There where many changes in the market yesterday that affected a ton of people that you won't hear about or even realized how it affected the masses... even you.
Here's how it affected me and hundreds of thousands of people with LIBOR based loans...
After the failure of the Bill, London's LIBOR rate went up by a full 1%. So how does that affect America?

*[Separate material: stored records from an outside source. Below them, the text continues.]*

Lemma decreasing_vec_cv {y : nat -> 'I_n -> R} {b : R} :
  (forall m k, y (S m) k <= y m k) -> (forall m k, b <= y m k) ->
  exists L, (forall m k, L k <= y m k) /\
    forall eps, 0 < eps -> exists N, forall k m, (N <= m)%coq_nat -> y m k <= L k + eps.
Proof.
move=> ydec ylb.
have lb k : has_lb (fun m => y m k).
{ by exists (- b) => _ [m ->]; rewrite /opp_seq; have := ylb m k; lra. }
pose cv k := decreasing_cv _ (fun m => ydec m k) (lb k).
exists (fun k => proj1_sig (cv k)); split.
- by move=> m k; apply: decreasing_ineq (proj2_sig (cv k)) m => m'; apply: ydec.
- move=> eps eps0; have [N HN] := Un_cv_fin_uniform (fun k => proj2_sig (cv k)) _ eps0.
  by exists N => k m /(HN k) /Rabs_def2; lra.
Qed.

Lemma increasing_vec_cv {y : nat -> 'I_n -> R} {b : R} :
  (forall m k, y m k <= y (S m) k) -> (forall m k, y m k <= b) ->
  exists L, (forall m k, y m k <= L k) /\
    forall eps, 0 < eps -> exists N, forall k m, (N <= m)%coq_nat -> L k <= y m k + eps.
Proof.
move=> yinc yub.
have ub k : has_ub (fun m => y m k) by exists b => _ [m ->]; apply: yub.
pose cv k := growing_cv _ (fun m => yinc m k) (ub k).
exists (fun k => proj1_sig (cv k)); split.
- by move=> m k; apply: growing_ineq (proj2_sig (cv k)) m => m'; apply: yinc.
- move=> eps eps0; have [N HN] := Un_cv_fin_uniform (fun k => proj2_sig (cv k)) _ eps0.
  by exists N => k m /(HN k) /Rabs_def2; lra.
Qed.

Fixpoint prefix_min (v : nat -> 'I_n -> R) (K : nat) : 'I_n -> R :=
  match K with
  | O => v O
  | S K => fun i => Rmin (prefix_min v K i) (v (S K) i)
  end.

Lemma prefix_min_le (v : nat -> 'I_n -> R) (K j : nat) i :
  (j <= K)%coq_nat -> prefix_min v K i <= v j i.
Proof.
elim: K j => [|K IH] j jK /=.
- have -> : j = O by lia.
  exact: Rle_refl.
- case: (Nat.eq_dec j (S K)) => [->|jK']; first exact: Rmin_r.
  apply: Rle_trans (Rmin_l _ _) (IH _ _); lia.
Qed.

Lemma prefix_min_glb (v : nat -> 'I_n -> R) (K : nat) i w :
  (forall j, (j <= K)%coq_nat -> w <= v j i) -> w <= prefix_min v K i.
Proof.
elim: K => [|K IH] Hw /=; first by apply: Hw.
apply: Rmin_glb; last by apply: Hw.
by apply: IH => j jK; apply: Hw; lia.
Qed.

Lemma prefix_min_pos (v : nat -> 'I_n -> R) (K : nat) :
  (forall j, pos_vec (v j)) -> pos_vec (prefix_min v K).
Proof.
move=> vp; elim: K => [|K IH] i /=; first exact: vp.
exact: Rmin_pos (IH i) (vp _ i).
Qed.

End VectorSequences.

Section HomogeneousMonotone.

Context {n : nat} (f : ('I_n -> R) -> ('I_n -> R)).
Hypotheses (f_pos : maps_pos f) (f_hom : homogeneous f) (f_mono : monotone f).

Definition super_eigen (mu : R) (x : 'I_n -> R) : Prop :=
  pos_vec x /\ forall i, f x i <= mu * x i.

Lemma f_le_scale {c : R} {x y : 'I_n -> R} : 0 < c -> pos_vec x -> pos_vec y ->
  (forall k, x k <= c * y k) -> forall i, f x i <= c * f y i.
Proof.
move=> c0 xp yp xy i; rewrite -(f_hom _ _ c0 yp i).
by apply: f_mono => // k; have := yp k; nra.
Qed.

Lemma super_eigen_le {mu nu : R} {x : 'I_n -> R} :
  super_eigen mu x -> mu <= nu -> super_eigen nu x.
Proof.
by move=> [xp fx] mu_nu; split=> // i; have := fx i; have := xp i; nra.
Qed.

Lemma super_eigen_scale {mu c : R} {x : 'I_n -> R} :
  0 < c -> super_eigen mu x -> super_eigen mu (fun k => c * x k).
Proof.
move=> c0 [xp fx]; split=> [k | i]; first by have := xp k; nra.
by rewrite (f_hom _ _ c0 xp i); have := fx i; nra.
Qed.

Lemma super_eigen_rate_pos {mu : R} {x : 'I_n -> R} (i : 'I_n) :
  super_eigen mu x -> 0 < mu.
Proof.
by move=> [xp fx]; have := fx i; have := f_pos _ xp i; have := xp i; nra.
Qed.

Lemma super_eigen_exists : exists mu x, super_eigen mu x.
Proof.
have [M HM] : exists M, forall i, f (fun _ => 1) i <= M.
{ apply: (@fin_forall_exists_swap _ _ 0 Rmax) => [i a b | i a b | i].
  - by have := Rmax_l a b; lra.
  - by have := Rmax_r a b; lra.
  - by exists (f (fun _ => 1) i); lra. }
by exists M, (fun _ => 1); split=> i; [lra | rewrite Rmult_1_r].
Qed.

Lemma super_eigen_glb (mu : R) (P : ('I_n -> R) -> Prop) (z : 'I_n -> R) :
  0 < mu -> pos_vec z -> (forall x, P x -> super_eigen mu x) ->
  (forall x, P x -> forall k, z k <= x k) ->
  (forall k l, (forall x, P x -> l <= x k) -> l <= z k) -> super_eigen mu z.
Proof.
move=> mu0 zp Psuper zlb zglb; split=> // k.
apply/(Rdiv_le_iff _ _ _ mu0); apply: zglb => x Px.
have [xp fx] := Psuper x Px; apply/(Rdiv_le_iff _ _ _ mu0).
exact: Rle_trans (f_mono _ _ zp xp (zlb x Px) k) (fx k).
Qed.
(* Let $L$ be an $r\times s$ $\boldsymbol\rho$-latin rectangle with $r,s\le n$ and $n>\min\{r,s\}$. Let $\Gamma$ be the simple bipartite graph with parts $R\cup C$ and $[k]$, where $R=\{x_1,\dots,x_r\}$ represents the rows and $C=\{y_1,\dots,y_s\}$ represents the columns of $L$. Here $x_i$ is adjacent to $\ell$ iff symbol $\ell$ does not occur in row $i$ of $L$, and $y_j$ is adjacent to $\ell$ iff $\ell$ does not occur in column $j$ of $L$. Then $L$ can be completed to an $n\times n$ $\boldsymbol\rho$-latin square if and only if $\Gamma$ has a subgraph $\Theta$ such that all of the following hold: - $\deg_\Theta(x_i)=n-s$ for all $i\in[r]$; - $\deg_\Theta(y_j)=n-r$ for all $j\in[s]$; - $\deg_\Theta(\ell)\le\rho_\ell-e_\ell$ for all $\ell\in[k]$; - for every $\ell\in[k]$, the number of edges of $\Theta$ between $\ell$ and $R$ is at least $\rho_\ell-e_\ell-n+r$; - for every $\ell\in[k]$, the number of edges of $\Theta$ between $\ell$ and $C$ is at least $\rho_\ell-e_\ell-n+s$.
   Context: Let $n,k$ be positive integers. Let $\boldsymbol\rho=(\rho_1,\dots,\rho_k)$ be integers with $1\le\rho_\ell\le n\le k$ and $\sum_\ell\rho_\ell=n^2$. A $\boldsymbol\rho$-latin square of order $n$ is an $n\times n$ array with entries in $[k]$, each symbol at most once per row and per column, and symbol $\ell$ occurring exactly $\rho_\ell$ times. An $r\times s$ $\boldsymbol\rho$-latin rectangle is an $r\times s$ array with entries in $[k]$, each symbol at most once per row and per column, and symbol $\ell$ occurring at most $\rho_\ell$ times. Completing it means finding a $\boldsymbol\rho$-latin square of order $n$ whose top-left $r\times s$ subarray is $L$. $e_\ell$ is the number of occurrences of $\ell$ in $L$. *)

From mathcomp Require Import all_boot all_order all_algebra.
Set Implicit Arguments. Unset Strict Implicit. Unset Printing Implicit Defensive.
(* Let $p$ be a prime, $q=p^k$, $f(x)\in\mathbb F_q[x]$ and $a\in\mathbb F_q$. Then $\sum_{s=1}^\infty N_s(f,a)x^s$ is a rational function of $x$. More precisely, let $d:=\deg\{u_s(f,a)\}_{s=1}^\infty$ and let $A:=(u_{i+j-1}(f,a))_{1\le i,j\le d+1}$ be the $(d+1)\times(d+1)$ Hankel matrix of the sequence. Then $AX=0$ has a nonzero integer solution, and for any nonzero integer solution $X=(c_d,\dots,c_1,c_0)^T$ of $AX=0$ we have $$\sum_{s=1}^{\infty}N_{s}(f,a)x^s=\frac{x}{1-qx}+\frac{\sum_{i=1}^{d}\Big(\sum_{\substack{j+k=i\\ k\ge0,\ j\ge1}}c_k\,u_j(f,a)\Big)x^i}{\sum_{i=0}^{d}c_ix^i}.$$
   Context: $\mathbb F_q$ is the finite field with $q=p^k$ elements. For $s\ge1$, $N_s(f,a)$ is the number of $(x_1,\dots,x_s)\in\mathbb F_q^s$ with $f(x_1)+\cdots+f(x_s)=a$, and $u_s(f,a):=N_s(f,a)-q^{s-1}$. A sequence of integers $\{a_s\}_{s\ge1}$ is a linear recursion sequence if there is $g(x)=\sum_{i=0}^d k_ix^i\in\mathbb Z[x]$ with $k_d\neq0$ such that $k_0a_{j+1}+\cdots+k_da_{j+d+1}=0$ for all $j\ge0$; such $g$ is a generating polynomial. The generating polynomials form a principal ideal of $\mathbb Z[x]$ generated by a polynomial of minimal degree with coprime coefficients (the minimal polynomial); the degree of the sequence is the degree of its minimal polynomial. (It is a fact that $\{u_s(f,a)\}$ is a linear recursion sequence, so $d$ is well defined.) *)

From HB Require Import structures.
From mathcomp Require Import all_boot all_order all_algebra all_field.
Set Implicit Arguments. Unset Strict Implicit. Unset Printing Implicit Defensive.
Import Order.TTheory GRing.Theory Num.Theory.
Local Open Scope ring_scope.

Definition Nsol (F : finFieldType) (f : {poly F}) (a : F) (s : nat) : int :=
  (#|[set x : {ffun 'I_s -> F} | \sum_(i < s) f.[x i] == a]|)%:Z.

(* u_s(f,a) = N_s(f,a) - q^(s-1), q = #|F| ; meaningful for s >= 1 *)
Definition usol (F : finFieldType) (f : {poly F}) (a : F) (s : nat) : int :=
  Nsol f a s - ((#|F| ^ s.-1)%N)%:Z.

Many (most) of the ARM loans in this country are tied to the LIBOR rate. And when these ARM loans reset next month and each month thereafter, they add a "Margin" amount to the existing LIBOR rate. Which means that if you have a loan tied to the LIBOR rate, next month or on the next increase, you will see an increase in your payment. Here is an example:
"A" credit homeowner
$200,000 loan balance
5% current interest rate (ARM)
1,073.64 monthly payment
With the Bailout signed
3% margin to the LIBOR 3%
New payment @ 6%: 1,199.10
With the Bailout failure
3% margin to the LIBOR 4%
New payment @ 7%: 1,330.60
The failure yesterday instead of later in the week will send their payment from $1,073 to $1,330 per month. Or if you are on a regular adjusted LIBOR Loan, your payment will be $130.00 higher starting next month.
Subprime credit homeowner
$200,000 loan balance
5% current interest rate (ARM)
1,073.64 monthly payment
With the Bailout signed
5% margin to the LIBOR 3%
New payment @ 8%: 1,467.53
With the Bailout failure
5% margin to the LIBOR 4%
New payment @ 9%: 1,609.25
The failure yesterday instead of later in the week will send their payment from $1,073 to $1,609 per month.
The increase in interest rates across the board will reduce the amount of home a person can buy, thus putting presure on sellers and buyers.
Restriction in the credit markets will continue to get worse.Thus making our part more important to the parties.